Поэту трудно быть ненужным – вернее, трудно быть ненужным поэтом. Ненужного поэта можно сравнить с ненужным оперным певцом, с ненужным архитектором и т.п. Свои способности они где-нибудь отчасти проявят – но как отчасти! Сравнение кажется несправедливым: условия и средства, необходимые для стихотворства, минимальны – это не оркестр, не строительные материалы, этого и в тюрьме не отнимут. Но, не имея столь наглядного материального поля действия, лирика так же несоразмерна с частным бытом, как опера – в другом отношении:

Писатель, если только он
Есть нерв великого народа…


Лирика соотносится с высоким стилем жизни, с большим стилем, какого нет в частном быте. «Вторая культура», которую создали замолчанные поколения, не дает ни большого стиля публичной жизни «среди чужих», ни большого стиля одиночества. Это более или менее пространный круг своих», а дурнее среды для творческого развития не придумаешь. Если б серый террор, молчаливое внушение сочинителю, что его нет, что без него прекрасно обходятся, продолжался лет пять, ну, десять в каждой жизни, – может, это было бы плодотворное испытание. Взыскательный автор сам себе может дать испытательный срок в девять горациевых лет. Но в обильных и
ничем впереди не ограниченных дозах это уже проба на героизм, а художественная одаренность таких проб обычно не выдерживает, да и не обязана выдерживать. И большинство поэтов «второй культуры» если не прощаются с сочинительством, то пишут «то же, но хуже», из года в год, и в 35 беднее и слабее, чем в 25. У примерных же соцреалистов пути вообще не бывает, такой уж это метод. Их путь определяется линией партии, а в эстетике эта линия близка к точке.

ВТОРОЕ

Известно, что попытка сказать независимое слово приведет, и мгновенно, к тому, что этого слова не услышат те, к кому оно обращено. Есть несколько проторенных путей в обход:

– можно, например, раскидать «независимые» слова там-сям среди благонамеренных, которые тренированный читатель поймет, как нужно;
– можно сказать непонятно: сверхсциентистским или еще каким-нибудь, неведомым цензору, языком или по поводу такого предмета, где ничего такого не ждут, и т.д., и т.п.
– можно, наконец, сказать все что хочешь, но так, будто вообще ничего не говорится. Технологию этого, самого изощренного, эзопова языка я не могу описать. Может, суть ее в том, что автор такого высказывания, например, академик, или лауреат какой-нибудь премии, или чем-то еще в прошлом заслужил невнимание цензора. Это тактика для людей с утвержденной репутацией.

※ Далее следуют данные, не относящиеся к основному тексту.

(* Let $k$ be a field and suppose $Y,Z$ are objects of $\mathcal S_2(k)$ of the same partition type $(\alpha,\beta,\gamma)$. (1) $\delta H(Y,Z)_X=0$ for $X=P_1^1$ and for $X=P_0^m$, $X=P_2^m$ for every $m\in\mathbb N$. (2) For every $r\ge1$, $\lim_{m\to\infty}\delta H(Y,Z)_{B_2^{m,r}}=\delta H(Y,Z)_{P_1^r}$.
   Context: For a partition $\alpha$ let $N_\alpha=\bigoplus_ik[T]/(T^{\alpha_i})$. $\mathcal S(k)$: objects are triples $(N_\alpha,N_\beta,f)$ with $f$ an injective $k[T]$-map; morphisms are pairs $(\psi_1,\psi_2)$ of $k[T]$-maps with $f'\psi_1=\psi_2f$. $\mathcal S_2(k)$: objects with $\alpha_1\le2$. Partition type $(\alpha,\beta,\gamma)$: $\operatorname{Coker}f\cong N_\gamma$. Pickets: $P_\ell^m=(N_{(\ell)},N_{(m)},\iota)$ for $0\le\ell\le\min\{2,m\}$, $\iota$ the inclusion of the unique $\ell$-dimensional $T$-invariant subspace. Bipickets: $B_2^{m,r}=(N_{(2)},N_{(m,r)},\delta)$ for $1\le r\le m-2$, with $\delta(1)=(T^{m-2},T^{r-1})$. For objects $X,Y,Z$ put $[X,Y]=\dim_k\operatorname{Hom}_{\mathcal S}(X,Y)$ and $\delta H(Y,Z)_X=[X,Z]-[X,Y]$. *)

From HB Require Import structures.
From mathcomp Require Import all_boot all_order all_algebra.
Set Implicit Arguments. Unset Strict Implicit. Unset Printing Implicit Defensive.
Import GRing.Theory.
Local Open Scope ring_scope.

Definition is_partition (s : seq nat) : bool :=
  sorted geq s && all (fun x => (0 < x)%N) s.

(* N_alpha = (+)_i k[T]/(T^alpha_i) as the k-space k^(|alpha|) (column vectors),
   with basis T^p * 1_t (t-th summand, 0 <= p < alpha_t), ordered summand by
   summand; the action of T is the matrix Tmat alpha (nilpotent Jordan blocks). *)
Definition partial_sums (s : seq nat) : seq nat :=
  [seq sumn (take n s) | n <- iota 0 (size s).+1].

Definition Tmat (k : fieldType) (s : seq nat) : 'M[k]_(sumn s) :=
  \matrix_(i, j) ((i == (j : nat).+1 :> nat) && ((i : nat) \notin partial_sums s))%:R.

Definition gen_elt (k : fieldType) (s : seq nat) (t p : nat) : 'cV[k]_(sumn s) :=
  Tmat k s ^+ p *m \col_i ((i : nat) == sumn (take t s) :> nat)%:R.

(* The k[T]-map N_(l) -> N_s sending the generator 1 to v (requires T^l v = 0):
   its j-th column is T^j v. *)
Definition from_gen (k : fieldType) (l : nat) (s : seq nat) (v : 'cV[k]_(sumn s))
  : 'M[k]_(sumn s, sumn [:: l]) :=
  \matrix_(i, j) ((Tmat k s ^+ j *m v) i ord0).

(* Objects (N_alpha, N_beta, f) of S(k); the data of a candidate triple. *)
Record sobj (k : fieldType) := SObj {
  sa : seq nat;
  sb : seq nat;
  smap : 'M[k]_(sumn sb, sumn sa) }.

Definition is_sobj (k : fieldType) (X : sobj k) : Prop :=
  [/\ is_partition (sa X), is_partition (sb X),
      smap X *m Tmat k (sa X) = Tmat k (sb X) *m smap X
    & forall v : 'cV[k]_(sumn (sa X)), smap X *m v = 0 -> v = 0].

Definition is_sobj2 (k : fieldType) (X : sobj k) : Prop :=
  is_sobj X /\ all (fun a => (a <= 2)%N) (sa X).

(* Partition type (alpha, beta, gamma): Coker f = N_gamma, i.e. there is a
   surjective k[T]-map g : N_beta -> N_gamma with kernel Im f. *)
Definition has_ptype (k : fieldType) (X : sobj k) (al be ga : seq nat) : Prop :=
  [/\ sa X = al, sb X = be, is_partition ga &
   exists g : 'M[k]_(sumn ga, sumn (sb X)),
     [/\ g *m Tmat k (sb X) = Tmat k ga *m g,
         (forall w : 'cV[k]_(sumn ga), exists v, g *m v = w)
       & forall v : 'cV[k]_(sumn (sb X)),
           g *m v = 0 <-> exists u, v = smap X *m u]].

Перечисленные и, наверное, еще многие формы кукиша в кармане, конечно, унизительны, кроме того, они сподручны для публициста, но никак не для художника.


Но главное еще не в этом. То, что маскируется от цензора, маскируется и от читателя – ведь он, как правило, не более проницателен. Те, кто «умеют читать», – это почти те же «свои» из второй культуры. Цель, поставленная цензурой перед всеми авторами и живыми и мертвыми: не тронуть сознания читателя, не остановить его на путях внутренней рутины, не поставить хотя бы перед недоумением, – эту цель авторы Эзоповых сочинений прекрасно исполняют. Исполняют уже одним своим смиренным видом – видом принципиальной лояльности при некоторых расхождениях, притворность которого совершенно ничего не значит.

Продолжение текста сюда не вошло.